Thursday, May 5, 2011

Gramsci and the Copy Machine (or how I learned to use my college degree)

It's true: I may never really use my undergraduate education. Well, at least not in the traditional sense. I didn't learn business skills (though, rumor has it, neither do the students at Haas), I didn't learn how to farm, or to litigate, or program, or whatever it is people in our service economy should know how to do nowadays. My thesis on the political underpinnings of the agricultural production of Mexico sits gathering dust on my shelf while I try to run a school-based non-profit on the virtues of sweat and enthusiasm alone (the food policy think tanks weren't hiring). I may never be asked to recall the name of Gramsci's seminal work or define his concept of the intellectual. Yet in a way, these ideas still linger, even today as I shoved our copy machine back across the room at the office.

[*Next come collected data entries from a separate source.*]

Lemma rep_cls a b : 0 < a -> 0 < b ->
  rep (cls m q (a, b)) =
  (minn (redn m q a) (redn m q b), maxn (redn m q a) (redn m q b)).
Proof.
move=> a_gt0 b_gt0.
have ra_gt0 := redn_gt0 m q a_gt0; have rb_gt0 := redn_gt0 m q b_gt0.
have ra_le := redn_leq q m_gt0 a; have rb_le := redn_leq q m_gt0 b.
have := vdimS; rewrite /rep /cls /= => vdim_eq.
set x := (inord _, inord _).
have le_x : x.1 <= x.2 by rewrite /x /= !inordK; lia.
rewrite -[sval _]/(val _) val_insubd le_x /x /= !inordK; try lia.
by congr (_, _); lia.
Qed.

Lemma cls_rep (v : Vt (vdim m q)) : cls m q (rep v) = v.
Proof.
apply: val_inj; case: v => [[x1 x2] /= le_x].
have lt_x1 := ltn_ord x1; have lt_x2 := ltn_ord x2; have := vdimS => vdim_eq.
rewrite /cls /rep /= !redn_id; try lia.
rewrite -[val _]/(val _) val_insubd /=.
by rewrite (minn_idPl le_x) (maxn_idPr le_x) !inord_val le_x.
Qed.

End Classes.

Definition pair_label (Phi : nat -> nat -> label) a b := Phi (minn a b) (maxn a b).

Section PeriodicLabels.
Variables (Phi : nat -> nat -> label) (p q : nat).
Hypothesis Phi_periodic : periodic_wedge Phi p q.

Lemma pair_label_eqpq a b a' b' : 0 < a -> 0 < b -> 0 < a' -> 0 < b' ->
  eqpq p q a a' -> eqpq p q b b' -> pair_label Phi a b = pair_label Phi a' b'.
Proof.
move=> a_gt0 b_gt0 a'_gt0 b'_gt0 eq_a eq_b; case: Phi_periodic => _ [Phi_eq _].
apply: (Phi_eq (minn a b, maxn a b) (minn a' b', maxn a' b')).
- by rewrite /inSigma /= leq_min a_gt0 b_gt0 geq_min leq_maxl.
- by rewrite /inSigma /= leq_min a'_gt0 b'_gt0 geq_min leq_maxl.
exact: eqpqS_minmax.
Qed.

Lemma pair_label_redn m a b : p %| m -> 0 < m -> 0 < a -> 0 < b ->
  pair_label Phi (redn m q a) (redn m q b) = pair_label Phi a b.
Proof.
have p_gt0 : 0 < p by case: Phi_periodic.
move=> p_dvd_m m_gt0 a_gt0 b_gt0.
by apply: pair_label_eqpq; rewrite ?redn_gt0 ?eqpq_redn.
Qed.

Lemma pair_labelDl a b : q < a -> 0 < b ->
  pair_label Phi (a + p) b = pair_label Phi a b.
Proof.
move=> lt_qa b_gt0; apply: pair_label_eqpq; rewrite ?eqpq_refl //; try lia.
by rewrite /eqpq leq_min modnDr eqxx lt_qa (leq_trans lt_qa (leq_addr _ _)) orbT.
Qed.

End PeriodicLabels.

Local Open Scope ring_scope.

Definition stack_rows (F : nzRingType) (T : finType) n (w : T -> 'rV[F]_n)
  : 'M[F]_(#|T|, n) := \matrix_i w (enum_val i).

Section PartialRowMap.
Variables (F : fieldType) (T : finType) (n : nat).
Variables (v : T -> 'rV[F]_n) (f : T -> option T) (A : 'M[F]_n).
Hypothesis v_mulA : forall y, v y *m A = oapp v 0 (f y).

Lemma stack_rows_sub y : (v y <= stack_rows v)%MS.
Proof.
have <- : row (enum_rank y) (stack_rows v) = v y by rewrite rowK enum_rankK.
exact: row_sub.
Qed.

Lemma oapp_stack_rows_sub o : (oapp v 0 o <= stack_rows v)%MS.
Proof. by case: o => [y|] /=; rewrite ?stack_rows_sub ?sub0mx. Qed.
(* Every end of R is matched by M to another end of R, so the edges of M inside
   ends R match ends R perfectly, just as R does. *)
Lemma R_sub_max_matching M : max_matching e M -> R \subset M.
Proof.
move=> maxM; have matchM : matching e M by move: maxM; rewrite max_matchingE => /andP[].
pose MR := [set f in M | f \subset ends R].
have MR_M : MR \subset M by apply/subsetP => f; rewrite inE => /andP[].
have matchMR : matching e MR.
  rewrite matchingE (subset_trans MR_M (matching_edges matchM)).
  exact: trivIsetS MR_M (matching_trivIset matchM).
apply: subset_trans MR_M; apply: matching_sub_of_cover matching_R matchMR _.
apply/eqP; rewrite eqEsubset; apply/andP; split; last first.
  by apply/bigcupsP => f; rewrite inE => /andP[].
apply/subsetP => w wR; have [C minC /(_ wR) wC] := min_cover_through w.
have [/subsetP /(_ w wC) /bigcupP[f fM wf] one_end] := max_min_tight maxM minC.
have [z ewz fE] := edge_other e_sym (subsetP (matching_edges matchM) f fM) wf.
have zR : z \in ends R.
  case/or3P: (colour_cases z) => [zB | // | zG]; last first.
    by move: wR; rewrite e_sym in ewz; rewrite (negPf (B_notin_ends (G_nbr_B ewz zG))).
  have zC := subsetP (B_sub_min_cover minC) z zB.
  have /card_le1_eqP/(_ w z) eq_wz : #|f :&: C| <= 1 by rewrite one_end.
  by move: ewz; rewrite -eq_wz ?inE ?wf ?wC ?zC ?fE ?set22 ?e_irr.
apply/bigcupP; exists f => //; rewrite inE fM fE.
by apply/subsetP => x; rewrite !inE => /orP[] /eqP->.
Qed.

Lemma pos_vertex_backboneE : pos_vertex_backbone e = B.
Proof.
apply/setP => v; rewrite inE; apply/forall_inP/idP => [inC | vB C minC]; last first.
  exact: subsetP (B_sub_min_cover minC) v vB.
case/or3P: (colour_cases v) => [// | vR | vG].
  by have [C minC vNC] := min_cover_avoiding vR; move: (inC C minC); rewrite (negPf vNC).
have [C minC _] := min_cover_through v.
by move: (inC C minC); rewrite (negPf (G_notin_min_cover vG minC)).
Qed.

Lemma neg_vertex_backboneE : neg_vertex_backbone e = G.
Proof.
apply/setP => v; rewrite inE; apply/forall_inP/idP => [notC | vG C]; last first.
  exact: G_notin_min_cover.
have [C minC vR_C] := min_cover_through v; move: (notC C minC).
case/or3P: (colour_cases v) => [vB | /vR_C-> // | //].
by rewrite (subsetP (B_sub_min_cover minC) v vB).
Qed.

Lemma degenerateE v : degenerate e v = (v \in ends R).
Proof.
rewrite /degenerate pos_vertex_backboneE neg_vertex_backboneE.
case/or3P: (colour_cases v) => [vB | vR | vG].
- by rewrite vB (negPf (B_notin_ends vB)).
- rewrite vR; apply/andP; split; apply: contraTN vR.
    exact: B_notin_ends.
  exact: G_notin_ends.
- by rewrite vG andbF (negPf (G_notin_ends vG)).
Qed.

Lemma exclusive_edgesE : exclusive_edges e = R.
Proof.
apply/setP => f; rewrite inE; apply/idP/idP => [| fR]; last first.
  rewrite R_edge //=; apply/andP; split.
    by apply/forall_inP => v vf; rewrite degenerateE (mem_ends fR).
  apply/forallP => C; apply/implyP => minC.
  exact: edge_not_sub_cover (R_edge fR) (min_cover_R_edge minC fR).
case/and3P=> /edgesP[x [y [exy f_xy]]] /forall_inP deg /forallP notC.
have notG z : z \in f -> z \notin G.
  by move/deg; rewrite degenerateE; apply: contraTN => /G_notin_ends.
apply: contraT => fNR.
have xNG : x \notin G by rewrite notG // f_xy set21.
have yNG : y \notin G by rewrite notG // f_xy set22.
have xyNR : [set x; y] \notin R by rewrite -f_xy.
have [C minC fC] := min_cover_through_edge exy xNG yNG xyNR.
by move: (notC C); rewrite minC f_xy fC.
Qed.

Lemma pos_edge_backboneE : pos_edge_backbone e = R.
Proof.
apply/setP => f; rewrite inE; apply/andP/idP => [[fE /forall_inP inM] | fR]; last first.
  split; first exact: R_edge.
  by apply/forall_inP => M /R_sub_max_matching/subsetP; apply.
have [x [y [exy f_xy]]] := edgesP _ _ fE.
have notG z : z \in f -> z \notin G.
  move=> zf; apply/negP => zG; have [M [matchM cardM _ /(_ zG)]] := exists_matching_avoiding z.
  have maxM : max_matching e M by rewrite max_matchingE matchM cardM eqxx.
  by case/negP; apply/bigcupP; exists f => //; apply: inM.
apply: contraT => fNR.
have xNG : x \notin G by rewrite notG // f_xy set21.
have yNG : y \notin G by rewrite notG // f_xy set22.
have xyNR : [set x; y] \notin R by rewrite -f_xy.
have [C minC fC] := min_cover_through_edge exy xNG yNG xyNR.
have [M matchM cardM] := exists_matching_k.
have maxM : max_matching e M by rewrite max_matchingE matchM cardM eqxx.
have [_ one_end] := max_min_tight maxM minC.
by move: (edge_not_sub_cover fE (one_end f (inM M maxM))); rewrite f_xy fC.
Qed.

Lemma optional_verticesE : optional_vertices e = G.
Proof.
apply/setP => v; rewrite inE; apply/existsP/idP => [[M /andP[maxM /forall_inP vNM]] | vG].
  apply: contraT => vNG; have [C minC vC] : exists2 C, min_vertex_cover e C & v \in C.
    have [C minC vR_C] := min_cover_through v; exists C => //.
    case/or3P: (colour_cases v) => [/(subsetP (B_sub_min_cover minC)) | /vR_C | vG] //.
    by rewrite vG in vNG.
  have [/subsetP/(_ v vC)/bigcupP[f fM vf] _] := max_min_tight maxM minC.
  by move: (vNM f fM); rewrite vf.
have [M [matchM cardM _ /(_ vG) vNM]] := exists_matching_avoiding v.
exists M; rewrite max_matchingE matchM cardM eqxx /=.
by apply/forall_inP => f fM; apply: contra vNM => vf; apply/bigcupP; exists f.
Qed.
(* Let $\mathcal{X}$ be a finite set and $\underline{Q}$ a lower transition rate operator on $\mathcal{L}(\mathcal{X})$. Then for all $f\in\mathcal{L}(\mathcal{X})$, $x\in\mathcal{X}$ and $t,s>0$: (1) if $f(x)>\min f$ then $\underline{T}_tf(x)>\min f$; and $\underline{T}_tf(x)>\min f\iff\underline{T}_sf(x)>\min f$; (2) if $f(x)<\max f$ then $\underline{T}_tf(x)<\max f$; and $\underline{T}_tf(x)<\max f\iff\underline{T}_sf(x)<\max f$; (3) if $f(x)>\min f$ then $\overline{T}_tf(x)>\min f$; and $\overline{T}_tf(x)>\min f\iff\overline{T}_sf(x)>\min f$; (4) if $f(x)<\max f$ then $\overline{T}_tf(x)<\max f$; and $\overline{T}_tf(x)<\max f\iff\overline{T}_sf(x)<\max f$.
   Context: $\mathcal{L}(\mathcal{X})$ is the set of real-valued functions on $\mathcal{X}$ with pointwise operations and order, real constants identified with constant functions, $\mathbb{I}_y$ the indicator of $\{y\}$. A lower transition rate operator is a map $\underline{Q}\colon\mathcal{L}(\mathcal{X})\to\mathcal{L}(\mathcal{X})$ such that for all $f,g$, $\lambda\ge0$, $\mu\in\mathbb{R}$, $x,y\in\mathcal{X}$: $\underline{Q}(\mu)=0$; $\underline{Q}(f+g)\ge\underline{Q}f+\underline{Q}g$; $\underline{Q}(\lambda f)=\lambda\underline{Q}f$; $x\ne y\Rightarrow\underline{Q}(\mathbb{I}_y)(x)\ge0$. For each $f$, $t\mapsto\underline{T}_tf$ is the unique solution on $[0,\infty)$ of $\frac{d}{dt}\underline{T}_tf=\underline{Q}\,\underline{T}_tf$ with $\underline{T}_0f=f$ (existence and uniqueness are known), and $\overline{T}_tf\coloneqq-\underline{T}_t(-f)$. *)

From HB Require Import structures.
From mathcomp Require Import all_boot all_order all_algebra.
From mathcomp Require Import all_classical all_reals all_analysis.
Set Implicit Arguments. Unset Strict Implicit. Unset Printing Implicit Defensive.
Import Order.TTheory GRing.Theory Num.Theory.
Import numFieldNormedType.Exports.
Local Open Scope classical_set_scope.
Local Open Scope ring_scope.

(* L(X) = X -> R; real constants are constant functions; indicator of {y}. *)
Definition cst_fun {X : finType} {R : realType} (mu : R) : X -> R := fun _ => mu.
Definition ind1 {X : finType} {R : realType} (y : X) : X -> R :=
  fun z => if z == y then 1 else 0.

Definition lower_rate_op {X : finType} {R : realType}
  (Q : (X -> R) -> (X -> R)) : Prop :=
  [/\ (forall mu : R, Q (cst_fun mu) = cst_fun 0),
      (forall (f g : X -> R) (x : X), Q f x + Q g x <= Q (fun z => f z + g z) x),
      (forall (l : R) (f : X -> R), 0 <= l -> Q (fun z => l * f z) = (fun z => l * Q f z))
    & (forall x y : X, x != y -> 0 <= Q (ind1 y) x)].

(* T : R -> (X -> R) -> (X -> R) is the lower transition operator generated by Q:
   for each f, t |-> T t f solves d/dt T_t f = Q (T_t f) on [0, +oo) with T_0 f = f
   (derivative taken componentwise; right derivative at t = 0). *)
Definition solves_lower_ode {X : finType} {R : realType}
  (Q : (X -> R) -> (X -> R)) (T : R -> (X -> R) -> (X -> R)) : Prop :=
  forall f : X -> R,
    T 0 f = f /\
    (forall x : X,
       (forall t : R, 0 < t -> is_derive t 1 (fun s => T s f x) (Q (T t f) x)) /\
       ((fun h : R => h^-1 * (T h f x - f x)) @ 0^'+ --> Q f x)).

Definition upper_T {X : finType} {R : realType}
  (T : R -> (X -> R) -> (X -> R)) (t : R) (f : X -> R) : X -> R :=
  fun x => - T t (fun z => - f z) x.

(* min and max of f over the (nonempty, since x0 : X) finite set X *)
Definition fmin {X : finType} {R : realType} (f : X -> R) (x0 : X) : R :=
  \big[Order.min/f x0]_(y : X) f y.
Definition fmax {X : finType} {R : realType} (f : X -> R) (x0 : X) : R :=
  \big[Order.max/f x0]_(y : X) f y.

(* Write u_t := T_t f - m for a lower bound m of f, and u_t := m - T_t f for an upper
   bound m; then u solves u' = P u with u_0 >= 0, where P is Q in the first case and its
   conjugate u |-> - Q (- u) in the second.  Both operators
   - are nonnegative at a minimum point of u, which keeps the flow nonnegative;
   - are bounded below by -c u on nonnegative u, so by Gronwall positive coordinates
     stay positive;
   - can feed the zero set Z of u_a (a > 0) at most at a rate proportional to the mass
     of u on Z, so by Gronwall applied to that mass, coordinates vanishing at a vanish
     afterwards.
   Hence for t > 0 the coordinates where u_t > 0 do not depend on t.  The claims about
   the upper operator follow by applying this to -f. *)

From HB Require Import structures.
From mathcomp Require Import all_boot all_order all_algebra.
From mathcomp Require Import all_classical all_reals all_analysis.
From mathcomp Require Import ring lra.
Import Order.TTheory GRing.Theory Num.Theory.
Import numFieldNormedType.Exports.
Set Implicit Arguments. Unset Strict Implicit. Unset Printing Implicit Defensive.
Local Open Scope classical_set_scope.
Local Open Scope ring_scope.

When I first moved in to my office, I had grand plans: not just for program development, but for record-keeping and even the office layout. In the mornings, before my part-time coworker got in, I moved the furniture about, making the place my own. It was ridiculous to have the copier all the way across the room, I thought, when I can make a study corner there near that built-in table. A recent college grad, I was ambitious, with a burning desire to do things right, and do them right now. Of course, in order to move the copier, new furniture was needed, which we scavenged from the sidewalk and my coworker's apartment. The awkward setup filled up with paper, and the other tables would overflow with printed material whenever we would need to assemble large packets of paperwork. Meanwhile, my study corner was used only sometimes, the books it housed were out of the way and underutilized.

Now, the end of the year, I once again had a bug to reorganize. I used some left-over grant money to get closet organizers for our art supplies, and once again started in on redoing the office layout. This time I asked my coworker what she thought of the new copier location (now perched precariously on top of the extra computer desk), and we hemmed and hawed over the perfect location. A few days later everything was arranged, and I noticed with a sigh of resignation that the copier was once again back in its original location, the shelves across the room restored to theirs. It would give us more room to make copies and lay out our supplies, and with the bookshelf back towards the center of the room kids could more easily find what they needed. "Makes sense," said my friend, who used to work there. "That's why we had everything there in the first place." Of course, this renewed setup came with modifications: the power cord to the copier no longer stretched across the doorway, and the stack of literature was switched with textbooks on shelves, with everything positioned to ease access and make them child-friendly.

The placement of a copier is a trivial thing to worry about. If anything, however, it serves to think about how we are in the world and, most especially, how my work in a non-profit can build upon the resources there or fight against them. It is easy to come in to a space, a school, a community, and tell people what you think is best. But it is a whole different thing to involve yourself wholly, to watch, to listen, sometimes for years, and to then act with people to make changes and help achieve what is needed. My ideas can be grand, but if they don't work for the students I am trying to serve then they don't really serve them at all. Decision makers, wrote Gramsci, must engage with everyday understandings, from pop culture to, in my case, study habits. While there are many possibilities for change out there, they are contained within the local and historical conditions in which they are located. This includes the environments in which my kids grew up in, the relationships they've had, and their way of interacting with the world. As a program coordinator, and as a mentor, I can't go in expecting to change things. I have to really pay attention to how things work and how we can build upon them to improve.

In this way, college taught me to be a a critical thinker. I mean this not just in the same trivial sense that college teaches you how to bullshit on assignments or spellcheck for grammar. An undergraduate education in development studies taught me to think about how I am in the world, and what impact (for better or worse) my actions can have on the developing world around us.